Those who argue against investment in preferred stocks
In many cases there is written into the articles of incorporation a regulation which obliges the purchase and retirement of a certain number of
preferred shares annually. This is known as a “sinking fund” provision. The corporation sets aside from its earnings each year a certain amount, say $50,000, and it is required to redeem preferred shares in that amount by exercising the right of call at a specified price. As a rule, the selection of such shares is made by lot. To the investor who may be anxious to preserve his investment in its entirety, this calling of shares for redemption may be annoying; but there is some compensation in the fact that the retirement of some shares reduces the number of shares outstanding and therefore tends to increase the assets behind those which remain; in addition, there will be some tendency to stabilize the price of those remaining, because the shares which are called for redemption are permanently removed from the market.

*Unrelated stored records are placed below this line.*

Lemma sup_of_gt E x : 0 <= x -> x < sup_of E -> exists y, E y /\ x < y.
Proof.
  intros Hx H. destruct (classic (exists l, is_lub E l)) as [Hl|Hl].
  - destruct (is_lub_approx E _ (sup_of E - x) (sup_of_is_lub E Hl)) as (y & Ey & Hy); [lra|].
    exists y; split; auto; lra.
  - rewrite sup_of_no_lub in H; auto. lra.
Qed.

Definition inv_succ (n : nat) : R := / INR (S n).

Lemma inv_succ_pos n : 0 < inv_succ n.
Proof. apply Rinv_0_lt_compat, lt_0_INR; lia. Qed.

Lemma inv_succ_antimono n m : (n <= m)%nat -> inv_succ m <= inv_succ n.
Proof. intros H. apply Rinv_le_contravar; [apply lt_0_INR; lia | apply le_INR; lia]. Qed.

Lemma inv_succ_le1 n : inv_succ n <= 1.
Proof. pose proof (inv_succ_antimono 0 n ltac:(lia)). unfold inv_succ in *; cbn in *. lra. Qed.

Lemma inv_succ_eventually_lt e : 0 < e -> exists N, forall n, (n >= N)%nat -> inv_succ n < e.
Proof.
  intros He. destruct (archimed_cor1 e He) as [N [HN HN0]]. exists N. intros n Hn.
  apply Rle_lt_trans with (/ INR N); auto.
  apply Rinv_le_contravar; [apply lt_0_INR; lia | apply le_INR; lia].
Qed.

Definition strict_incr (phi : nat -> nat) : Prop := forall n, (phi n < phi (S n))%nat.

Lemma strict_incr_lt phi : strict_incr phi -> forall n m, (n < m)%nat -> (phi n < phi m)%nat.
Proof. intros H n m Hnm; induction Hnm; [apply H|]. specialize (H m); lia. Qed.

Lemma strict_incr_ge phi : strict_incr phi -> forall n, (n <= phi n)%nat.
Proof. intros H n; induction n; [lia|]. specialize (H n); lia. Qed.

Lemma strict_incr_comp phi psi : strict_incr phi -> strict_incr psi -> strict_incr (fun n => phi (psi n)).
Proof. intros H1 H2 n. apply strict_incr_lt; auto. Qed.

Lemma inv_succ_subseq phi n : strict_incr phi -> inv_succ (phi n) <= inv_succ n.
Proof. intros H. apply inv_succ_antimono, strict_incr_ge; auto. Qed.

Lemma Un_cv_subseq (u : nat -> R) l phi : Un_cv u l -> strict_incr phi -> Un_cv (fun n => u (phi n)) l.
Proof.
  intros H Hp e He. destruct (H e He) as [N HN]. exists N. intros n Hn.
  apply HN. pose proof (strict_incr_ge phi Hp n). lia.
Qed.

Definition subseq_of (f : nat -> nat -> nat) : nat -> nat :=
  fix g n := match n with 0 => f 0%nat 0%nat | S m => f (S (g m)) (S m) end.

Lemma bounded_seq_cv_subseq (u : nat -> R) M : (forall n, Rabs (u n) <= M) ->
  exists phi, strict_incr phi /\ exists l, Un_cv (fun n => u (phi n)) l.
Proof.
  intros HM.
  destruct (Bolzano_Weierstrass u (fun c => -M <= c <= M) (compact_P3 (-M) M)) as [l Hl].
  { intros n. specialize (HM n). apply Rabs_le_inv in HM. lra. }
  assert (Hs : forall N k, exists p, (N <= p)%nat /\ Rabs (u p - l) < inv_succ k).
  { intros N k. destruct (Hl (disc l (mkposreal _ (inv_succ_pos k))) N) as [p [Hp1 Hp2]].
    - exists (mkposreal _ (inv_succ_pos k)). intros y Hy; auto.
    - exists p; split; auto. }
  set (F := fun N k => proj1_sig (constructive_indefinite_description _ (Hs N k))).
  assert (HF : forall N k, (N <= F N k)%nat /\ Rabs (u (F N k) - l) < inv_succ k)
    by (intros N k; unfold F; destruct constructive_indefinite_description; auto).
  exists (subseq_of F). split.
  - intro n. cbn. destruct (HF (S (subseq_of F n)) (S n)); lia.
  - exists l. intros e He. destruct (inv_succ_eventually_lt e He) as [N HN]. exists N. intros n Hn.
    unfold Rdist. specialize (HN n Hn). destruct n; cbn.
    + destruct (HF 0%nat 0%nat) as [_ H]. lra.
    + destruct (HF (S (subseq_of F n)) (S n)) as [_ H]. lra.
Qed.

Investment in preferred stocks may have a number of merits. Chief among them is a reasonable regularity of income coupled with a reasonable safety of principal, since the preferred stockholder is assured of certain rights with respect to the latter. The rate of return on preferred stocks is often slightly higher than that which may be obtained on good-quality bonds. In addition, the high-grade preferred have always shown considerable resistance to market fluctuations. It is to be noted that the better quality preferred stocks are now eagerly sought by insurance companies, trustees, endowment funds, and the like. We hasten to add, however, that all preferred stocks are not alike in quality, so that careful investigation should be made and investment confined only to upper-grade issues.
Those who argue against investment in preferred stocks point out the following features: (a) there is limited return although considerable risks of ownership are borne; (b) there is no enforceable right to dividends, since these must be declared by the board of directors and they may pass one or more dividends at their discretion; (c) the owner of a preferred stock is in a position midway between that of a bondholder (creditor) and that of a common stockholder (partner), so that his stock is “neither fish nor
fowl” and his position may eventually prove to be an uncomfortable one.